Record set:
Lemma admissible_series mu G : (0 < mu)%N ->
  agree_upto G (series (w mu) G)
    (series (ncomp (bal_word mu)) G * series (ncomp (bal_word mu.-1)) G * 'X^mu).
Proof.
move=> mu_gt0 g hg; rewrite coef_poly ltnS hg w_convolution // coefMXn.
case: ltnP => // le_mu_g; rewrite coefM Posz_sum; apply: eq_bigr => -[i /= hi] _.
by rewrite !coef_poly !ltnS PoszM !ifT //; lia.
Qed.

(* Closed form of I_n, by comparing coefficients: the coefficient of q^k in
   I_n counts the a in [1, n] with b = k - a in [1, n] and k >= n. *)
Lemma Ipoly_closed_form n : (1 <= n)%N ->
  Ipoly n = 'X^n * (- 2%:P + \sum_(0 <= i < n.+1) ((n.+1 - i)%:R *: 'X^i)).
Proof.
move=> n_gt0; apply/polyP => k.
have -> : (Ipoly n)`_k = (\sum_(1 <= a < n.+1)
            \sum_(1 <= b < n.+1 | n <= a + b) (k == a + b))%N%:Z.
  rewrite /Ipoly coef_sum Posz_sum; apply: eq_bigr => a _.
  rewrite coef_sum Posz_sum; apply: eq_bigr => b _; rewrite coefXn; by case: eqP.
have -> : (\sum_(1 <= a < n.+1) \sum_(1 <= b < n.+1 | n <= a + b) (k == a + b) =
           \sum_(1 <= a < n.+1) ((k - n <= a < k) && (n <= k)))%N.
  apply: eq_big_nat => a ha; rewrite big_mkcond /=.
  rewrite (eq_big_nat _ _ (F2 := fun b => (n <= k) * (a < k) * (k - a == b))%N);
    last first.
    by move=> b hb; case: ifP => h; lia.
  by rewrite sum_delta; case: ifP => h; lia.
rewrite coefXnM; case: (ltnP k n) => hk.
  by rewrite big1 //= => a _; lia.
under eq_bigr => a _ do rewrite andbT.
rewrite sum_interval_indicator coefD coefN coefC coef_sum.
have -> : \sum_(0 <= i < n.+1) ((n.+1 - i)%:R *: 'X^i : {poly int})`_(k - n) =
          (\sum_(0 <= i < n.+1) (n.+1 - i) * (k - n == i))%N%:Z.
  rewrite Posz_sum; apply: eq_bigr => i _; rewrite coefZ coefXn.
  by case: eqP => _; rewrite ?mulr1 ?mulr0 ?muln1 ?muln0 // natz.
by rewrite sum_delta /minn /maxn; repeat case: ifP; lia.
Qed.

Theorem proposition9p1 :
  (forall n : nat, (1 <= n)%N ->
     Ipoly n = 'X^n * (- 2%:P + \sum_(0 <= i < n.+1) ((n.+1 - i)%:R *: 'X^i)))
  /\
  (forall mu : nat, (2 <= mu)%N ->
     let D : {poly int} := (1 - Ipoly mu) * (1 - Ipoly mu.-1) in
     let N : {poly int} :=
       (1 + \sum_(uphalf mu <= i < mu.+1) 'X^i) * 'X^mu *
       (1 + \sum_(mu./2 <= i < mu) 'X^i) in
     forall g : nat,
       \sum_(k < g.+1) D`_k * (w mu (g - k))%:Z = N`_g).
Proof.
split=> [|mu mu_ge2 D N g]; first exact: Ipoly_closed_form.
have mu_gt0 : (0 < mu)%N by lia.
have pred_gt0 : (0 < mu.-1)%N by lia.
have -> : \sum_(k < g.+1) D`_k * (w mu (g - k))%:Z = (D * series (w mu) g)`_g.
  by rewrite coefM; apply: eq_bigr => -[k /= hk] _; rewrite coef_poly ifT //; lia.
(* W_mu = B_mu * B_(mu-1) * q^mu, and (1 - I_n) * B_n is the numerator factor *)
have admissible := agree_uptoM (agree_upto_refl (G := g) D)
                               (admissible_series (G := g) mu_gt0).
rewrite admissible // (_ : D * _ =
  ((1 - Ipoly mu) * series (ncomp (bal_word mu)) g) *
  ((1 - Ipoly mu.-1) * series (ncomp (bal_word mu.-1)) g) * 'X^mu); last first.
  by rewrite /D; ring.
have numerators := agree_uptoM (balanced_series (G := g) mu_gt0)
                               (balanced_series (G := g) pred_gt0).
rewrite (agree_uptoM numerators (agree_upto_refl (G := g) 'X^mu)) //.
by rewrite [uphalf mu.-1]uphalfE prednK // /N mulrAC.
Qed.
(* Let $\mathbb{F}$ be an infinite field and $d\in\{1,2,3\}$. Then the set $S(d)$ is a minimal (with respect to inclusion) separating set for $R^{GL(2)}$.
   Context: Let $R=R_{2,d}=\mathbb{F}[x_{ij}(k)\mid 1\leq i,j\leq 2,\ 1\leq k\leq d]$ and let $X_k=(x_{ij}(k))$ be the $2\times 2$ generic matrices; $GL(2)$ acts by $g\cdot x_{ij}(k)=(g^{-1}X_kg)_{ij}$ and $R^{GL(2)}$ is the invariant algebra. Elements of $R$ are functions on $H=M(2)^{\oplus d}$ via $x_{ij}(k)(A_1,\dots,A_d)=(A_k)_{ij}$. Points $u,v\in H$ are separated by $S\subseteq R^{GL(2)}$ if $f(u)\neq f(v)$ for some $f\in S$, and separated if separated by $R^{GL(2)}$; $S$ is separating if every separated pair is separated by $S$. Here $S(d)$ consists of $\mathrm{tr}(X_i),\det(X_i)$ for $1\le i\le d$, $\mathrm{tr}(X_iX_j)$ for $1\le i<j\le d$, and $\mathrm{tr}(X_iX_jX_k)$ for $1\le i<j<k\le d$. *)

From HB Require Import structures.
From mathcomp Require Import all_boot all_order all_algebra.
Set Implicit Arguments. Unset Strict Implicit. Unset Printing Implicit Defensive.
Import Order.TTheory GRing.Theory Num.Theory.
Local Open Scope ring_scope.

(* H = M(2)^{(+) d}: a point is a d-tuple of 2x2 matrices, indexed by 'I_d
   (index k in the paper corresponds to ordinal k-1). *)
Definition pt (F : fieldType) (d : nat) := 'I_d -> 'M[F]_2.

(* Elements of R = F[x_ij(k)] viewed as functions on H: the polynomial
   functions, i.e. the smallest class containing constants and the coordinate
   functions x_ij(k), closed under + and * (and pointwise equality). *)
Inductive polyfun (F : fieldType) (d : nat) : (pt F d -> F) -> Prop :=
| pf_const (c : F) : polyfun (fun _ => c)
| pf_coord (k : 'I_d) (i j : 'I_2) : polyfun (fun A => A k i j)
| pf_add f g : polyfun f -> polyfun g -> polyfun (fun A => f A + g A)
| pf_mul f g : polyfun f -> polyfun g -> polyfun (fun A => f A * g A)
| pf_ext f g : polyfun f -> (forall A, f A = g A) -> polyfun g.
Definition alpha_at (T : finType) (H : seq {set T})
    (alpha : 'I_(size H) -> 'I_(size H) -> rat) (v : T) : rat :=
  \sum_(i < size H) \sum_(j < size H | (i <= j)%N && (v \in Vsub H i j)) alpha i j.

Definition alpha_sum (T : finType) (H : seq {set T})
    (alpha : 'I_(size H) -> 'I_(size H) -> rat) : rat :=
  \sum_(i < size H) \sum_(j < size H | (i <= j)%N) alpha i j.

(* The dual LP: alpha_{H'} >= 0, beta_v <= 0, and for every v in V_+
   sum_{H' ni v} alpha_{H'} + beta_v <= (objective coefficient of y_v),
   which is w_v for v in V_+(H) and 0 otherwise.  Entries alpha i j with
   i > j are not variables (they never occur). *)
Definition dual_feas (T : finType) (w : T -> rat) (H : seq {set T})
    (alpha : 'I_(size H) -> 'I_(size H) -> rat) (beta : T -> rat) : Prop :=
  (forall i j : 'I_(size H), (i <= j)%N -> 0 <= alpha i j) /\
  (forall v, beta v <= 0) /\
  (forall v, alpha_at alpha v + beta v <= (if v \in VH H then w v else 0)).

Definition dual_obj (T : finType) (C : rat) (dxi : T -> rat) (b : T -> nat)
    (H : seq {set T}) (alpha : 'I_(size H) -> 'I_(size H) -> rat)
    (beta : T -> rat) : rat :=
  \sum_(i < size H) \sum_(j < size H | (i <= j)%N)
      alpha i j * ((kcap C dxi (Vsub H i j))%:~R - 1)
  + \sum_v beta v * (b v)%:R.

From HB Require Import structures.
From mathcomp Require Import all_boot all_order all_algebra.
From mathcomp Require Import lra.
Set Implicit Arguments. Unset Strict Implicit. Unset Printing Implicit Defensive.
Import Order.TTheory GRing.Theory Num.Theory.
Local Open Scope ring_scope.
(* Let $G$ be a proper interval graph on vertex set $[n]$, labeled so that for all $i<j$, $\{i,j\}\in E(G)$ implies the induced subgraph on $\{i,\dots,j\}$ is a clique, and let $t\ge2$, $I=I_t(G)$. Then $I$ satisfies the $\ell$-exchange property with respect to the sorting order, namely: let $u_1,\dots,u_N$ and $v_1,\dots,v_N$ be elements of $\mathcal{G}(I)$ such that $(u_i,u_j)$ and $(v_i,v_j)$ are sorted pairs for all $i<j$, and suppose that for some $q\le n-1$ one has $\deg_{x_r}(u_1\cdots u_N)=\deg_{x_r}(v_1\cdots v_N)$ for $r=1,\dots,q-1$ and $\deg_{x_q}(u_1\cdots u_N)<\deg_{x_q}(v_1\cdots v_N)$. Then there exist an index $k$ and an integer $j$ with $q<j\le n$ and $x_j\in\mathrm{supp}(u_k)$ such that $x_q u_k/x_j\in I$.
   Context: $I_t(G)\subset K[x_1,\dots,x_n]$ is the ideal generated by all squarefree monomials $x_{i_1}\cdots x_{i_t}$ with $\{i_1,\dots,i_t\}$ an independent set of $G$; $\mathcal{G}(I)$ is its minimal monomial generating set. For monomials $u,v$ of degree $d$, write $uv=x_{i_1}\cdots x_{i_{2d}}$ with $i_1\le\cdots\le i_{2d}$, and set $\mathrm{sort}(u,v)=(x_{i_1}x_{i_3}\cdots x_{i_{2d-1}},\ x_{i_2}x_{i_4}\cdots x_{i_{2d}})$; $(u,v)$ is a sorted pair if $\mathrm{sort}(u,v)=(u,v)$. (With respect to the sorting order on $T=K[y_u:u\in\mathcal{G}(I)]$, the standard monomials of the toric ideal of $K[u:u\in\mathcal{G}(I)]$ are exactly the products $y_{u_1}\cdots y_{u_N}$ with $(u_i,u_j)$ sorted for all $i<j$, which is the form used above.) A proper interval graph is a graph whose vertices can be assigned real intervals, none properly containing another, such that two vertices are adjacent iff their intervals intersect; such a labeling of the vertices exists for every proper interval graph. *)

From mathcomp Require Import all_boot all_order all_algebra.
Set Implicit Arguments. Unset Strict Implicit. Unset Printing Implicit Defensive.
Import Order.TTheory GRing.Theory Num.Theory.

(* Vertex x_{i+1} of [n] is represented by i : 'I_n (0-based labels). *)

Definition simple_graph (n : nat) (e : rel 'I_n) : Prop :=
  (forall i, ~~ e i i) /\ (forall i j, e i j = e j i).

Definition proper_interval_graph (n : nat) (e : rel 'I_n) : Prop :=
  exists a b : 'I_n -> rat,
    (forall i, (a i <= b i)%R) /\
    (forall i j, ~ ((a i <= a j)%R /\ (b j <= b i)%R /\ (a i != a j \/ b i != b j))) /\
    (forall i j, i != j -> (e i j <-> ((a i <= b j)%R /\ (a j <= b i)%R))).

Definition proper_interval_labeling (n : nat) (e : rel 'I_n) : Prop :=
  forall i j : 'I_n, i < j -> e i j ->
    forall a b : 'I_n, i <= a <= j -> i <= b <= j -> a != b -> e a b.

Definition independent (n : nat) (e : rel 'I_n) (S : {set 'I_n}) : bool :=
  [forall x in S, forall y in S, ~~ e x y].

(* minimal generators of I_t(G): squarefree monomials x_S, S independent, |S| = t *)
Definition gen_It (n : nat) (e : rel 'I_n) (t : nat) (S : {set 'I_n}) : bool :=
  independent e S && (#|S| == t).
Definition dim_two (X : normedModType R) : Prop :=
  exists e1 e2 : X, lin_indep2 e1 e2 /\
    forall z : X, exists a b : R, z = a *: e1 + b *: e2.

Definition supporting_functional (X : normedModType R) (x : X) (f : X -> R) : Prop :=
  is_linear_functional f /\ (forall z : X, `|f z| <= `|z|) /\ f x = 1.

Definition smooth (X : normedModType R) : Prop :=
  forall x : X, `|x| = 1 ->
    forall f g : X -> R, supporting_functional x f -> supporting_functional x g -> f = g.

Definition strictly_convex (X : normedModType R) : Prop :=
  forall x y : X, `|x| = 1 -> `|y| = 1 -> x <> y -> `|(2%:R)^-1 *: (x + y)| < 1.

Definition opnorm (X Y : normedModType R) (T : X -> Y) : R :=
  sup [set `|T z| | z in [set z : X | `|z| = 1]].

Definition norm_attainment_set (X Y : normedModType R) (T : X -> Y) : set X :=
  [set z : X | `|z| = 1 /\ `|T z| = opnorm T].

Definition rank_two (X Y : normedModType R) (T : X -> Y) : Prop :=
  (exists u v : X, lin_indep2 (T u) (T v)) /\
  (forall u v w : X, exists a b c : R, (a != 0 \/ b != 0 \/ c != 0) /\
      a *: T u + b *: T v + c *: T w = 0).

Definition extreme_contraction (X Y : normedModType R) (T : X -> Y) : Prop :=
  opnorm T = 1 /\
  forall (T1 T2 : X -> Y) (t : R),
    is_linear_map T1 -> is_linear_map T2 ->
    opnorm T1 <= 1 -> opnorm T2 <= 1 -> 0 < t < 1 ->
    T = (fun z => t *: T1 z + (1 - t) *: T2 z) -> T1 = T2.

Definition BJ_orth (X : normedModType R) (x y : X) : Prop :=
  forall lambda : R, `|x| <= `|x + lambda *: y|.
(* Assume (A1)–(A3). Let $[s,e]$ contain exactly one true change point $\tau_k$, with $s\le\tau_k<e$, and set $n_1=\tau_k-s+1$, $n_2=e-\tau_k$, $n=n_1+n_2$, $\rho=n_1n_2/n$. Then \[ C(s,e)-C(s,\tau_k)-C(\tau_k+1,e)\ge \rho\,\Delta_k^2-\Bigl((4m+2)M+\frac{(2m^2+2m)M}{n}\Bigr). \] If in addition $n_1\ge\ell_T/2$ and $n_2\ge\ell_T/2$, where $\ell_T=\min_{1\le j\le K+1}(\tau_j-\tau_{j-1})$, then \[ C(s,e)-C(s,\tau_k)-C(\tau_k+1,e)\ge \frac{\Delta_\star^2}{4}\ell_T-\Bigl((4m+2)M+\frac{(2m^2+2m)M}{\ell_T}\Bigr). \]
   Context: Let $Y_1,\dots,Y_T$ be random vectors in $\mathbb R^d$ with true change points $0=\tau_0<\tau_1<\dots<\tau_K<\tau_{K+1}=T$. Let $k:\mathbb R^d\times\mathbb R^d\to\mathbb R$ be a positive definite kernel with RKHS $\mathcal H$ and feature map $\phi(y)=k(y,\cdot)$; for a distribution $P$ let $\mu_P=\mathbb E_{Y\sim P}\phi(Y)\in\mathcal H$. For $1\le s\le e\le T$ define $\widehat C(s,e)=\sum_{t=s}^e k(Y_t,Y_t)-\frac{1}{e-s+1}\sum_{i=s}^e\sum_{j=s}^e k(Y_i,Y_j)$ and $C(s,e)=\mathbb E[\widehat C(s,e)]$. (A1) For a fixed integer $m\ge0$, $(Y_t)$ is $m$-dependent: for every $t$, $(Y_1,\dots,Y_t)$ is independent of $(Y_{t+m+1},\dots,Y_T)$; for each $k=1,\dots,K+1$, $(Y_t)_{\tau_{k-1}<t\le\tau_k}$ is strictly stationary with marginal $P_k$. (A2) $k$ is bounded and characteristic, $0\le k(x,y)\le M<\infty$. (A3) $\Delta_k^2:=\|\mu_{P_k}-\mu_{P_{k+1}}\|_{\mathcal H}^2>0$ for $k=1,\dots,K$, and $\Delta_\star^2:=\min_k\Delta_k^2>0$. *)

From HB Require Import structures.
From mathcomp Require Import all_boot all_order all_algebra.
From mathcomp Require Import all_classical all_reals all_analysis.
Set Implicit Arguments. Unset Strict Implicit. Unset Printing Implicit Defensive.
Import Order.TTheory GRing.Theory Num.Theory.
Local Open Scope classical_set_scope.
Local Open Scope ring_scope.
Lemma lam_trivial : (forall g h, commute (m g) (m h)) -> forall g u, lam g u = u.
Proof.
move=> mC; apply: circ_ind => [u | g h lam_g lam_h u | q b pr_q Bb].
- exact: lam1.
- by rewrite lam_circ lam_h lam_g.
apply: (@eq_morph_Bp (lam b) id) => // p c pr_p Bc /=.
have [eq_pq | neq_pq] := eqVneq p q.
  by rewrite eq_pq in Bc; apply: lam_Bp_self pr_q Bb Bc.
have Bq_p1 x : x \in Bp q -> x.`_p = 1.
  rewrite mem_Bp => qx; apply/constt1P.
  by apply: sub_in_pnat qx => r _; rewrite !inE => /eqP->; rewrite eq_sym.
have Bp_p x : x \in Bp p -> x.`_p = x by rewrite mem_Bp => /constt_p_elt.
have : b * lam b c = c * lam c b by apply: m_inj; rewrite !m_circ; apply: mC.
move/(congr1 (constt^~ p)); rewrite /= !consttM; try exact: mulBC.
rewrite (Bq_p1 b) // (Bq_p1 (lam c b)) ?lam_Bp // (Bp_p c) //.
by rewrite (Bp_p (lam b c)) ?lam_Bp // mul1g mulg1.
Qed.

End Brace.

Section CycleSetBrace.

Variables (T : finType) (op : T -> T -> T).
Hypothesis csX : cycle_set op.

Lemma op_inj x : injective (op x).
Proof. by case: csX => bij_op _ _; apply: bij_inj. Qed.

Definition sigma x : {perm T} := perm (@op_inj x).

Lemma sigmaE x y : sigma x y = op x y.
Proof. by rewrite permE. Qed.

Lemma sigma_cycle x y : sigma x * sigma (op x y) = sigma y * sigma (op y x).
Proof. by apply/permP => z; rewrite !permM !sigmaE; case: csX => _ -> _. Qed.

Lemma sigma_op_r x y y' : sigma y = sigma y' -> sigma (op x y) = sigma (op x y').
Proof.
move=> eq_y; apply: (mulgI (sigma x)).
by rewrite (sigma_cycle x y) (sigma_cycle x y') -(sigmaE y x) -(sigmaE y' x) eq_y.
Qed.

Lemma ret_rel_sigma x y : ret_rel (M := cs_magma op) x y = (sigma x == sigma y).
Proof.
apply/ret_relP/eqP => [eq_xy | eq_sigma z].
  by apply/permP => z; rewrite !sigmaE; apply: eq_xy.
by rewrite /= -(sigmaE x z) -(sigmaE y z) eq_sigma.
Qed.

Lemma sigma_setE s : (s \in sigma_set op) = [exists x, s == sigma x].
Proof.
rewrite inE; apply/existsP/existsP => -[x sx]; exists x.
  by apply/eqP/permP => y; rewrite sigmaE; apply/eqP; move/forallP: sx.
by apply/forallP => y; rewrite (eqP sx) sigmaE.
Qed.

Lemma sigma_permG x : sigma x \in permG op.
Proof. by apply: mem_gen; rewrite sigma_setE; apply/existsP; exists x. Qed.

Lemma abelian_permG e : (forall x, sigma x = sigma e) -> abelian (permG op).
Proof.
move=> sigma_e; suff sigma_set1 : sigma_set op = [set sigma e].
  by rewrite /permG sigma_set1; apply: cycle_abelian.
apply/setP => s; rewrite sigma_setE inE.
by apply/existsP/eqP => [[x /eqP->] | ->]; [apply: sigma_e | exists e].
Qed.

(* [phi l] is the element of G(X) represented by the sum of the sigma_x^-1, x in l,
   in the additive structure; [phi_from h l] computes [phi (map h l)]. *)
Fixpoint phi_from (h : {perm T}) (l : seq T) : {perm T} :=
  if l is x :: l' then phi_from (h * sigma (h x)) l' * (sigma (h x))^-1 else 1.

Definition phi := phi_from 1.

Lemma map_permM (f g : {perm T}) l : map f (map g l) = map (g * f) l.
Proof. by rewrite -map_comp; apply: eq_map => z; rewrite permM. Qed.

Lemma map_perm1 l : map (1 : {perm T}) l = l.
Proof. by rewrite -[RHS]map_id; apply: eq_map => z; rewrite perm1. Qed.

Lemma phi_from_map (h k : {perm T}) l : phi_from h (map k l) = phi_from (k * h) l.
Proof. by elim: l h => [|x l IHl] h //=; rewrite IHl permM mulgA. Qed.

Lemma phi_map (k : {perm T}) l : phi (map k l) = phi_from k l.
Proof. by rewrite /phi phi_from_map mulg1. Qed.

Lemma phi_cons x l : phi (x :: l) = phi (map (sigma x) l) * (sigma x)^-1.
Proof. by rewrite phi_map /phi /= perm1 mul1g. Qed.

Lemma phi1 x : phi [:: x] = (sigma x)^-1.
Proof. by rewrite phi_cons mul1g. Qed.

Lemma phi_permG l : phi l \in permG op.
Proof.
rewrite /phi; elim: l 1 => [|x l IHl] h /=; first exact: group1.
by rewrite groupM ?groupV ?sigma_permG.
Qed.

Lemma phi_swap x y l : phi [:: x, y & l] = phi [:: y, x & l].
Proof.
rewrite phi_cons [phi [:: y, x & l]]phi_cons /= !phi_cons !map_permM -!mulgA -!invMg !sigmaE.
by rewrite sigma_cycle.
Qed.

Lemma phi_cat l1 l2 : phi (l1 ++ l2) = phi (map (phi l1)^-1 l2) * phi l1.
Proof.
rewrite -[l1]map_perm1; elim: l1 1 l2 => [|x l1 IHl] k l2 /=.
  by rewrite invg1 mulg1 map_perm1.
by rewrite !phi_cons map_cat !map_permM IHl invMg invgK map_permM mulgA.
Qed.

Lemma phi_mul l1 l2 : phi (l1 ++ map (phi l1) l2) = phi l2 * phi l1.
Proof. by rewrite phi_cat map_permM mulgV map_perm1. Qed.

Action item:
Copy word for word the stretch of entries above from the line that has "in the additive" through the line that has "Lemma map_perm1 l", both ends included, and nothing outside it.

Response box:
   in the additive structure; [phi_from h l] computes [phi (map h l)]. *)
Fixpoint phi_from (h : {perm T}) (l : seq T) : {perm T} :=
  if l is x :: l' then phi_from (h * sigma (h x)) l' * (sigma (h x))^-1 else 1.

Definition phi := phi_from 1.

Lemma map_permM (f g : {perm T}) l : map f (map g l) = map (g * f) l.
Proof. by rewrite -map_comp; apply: eq_map => z; rewrite permM. Qed.

Lemma map_perm1 l : map (1 : {perm T}) l = l.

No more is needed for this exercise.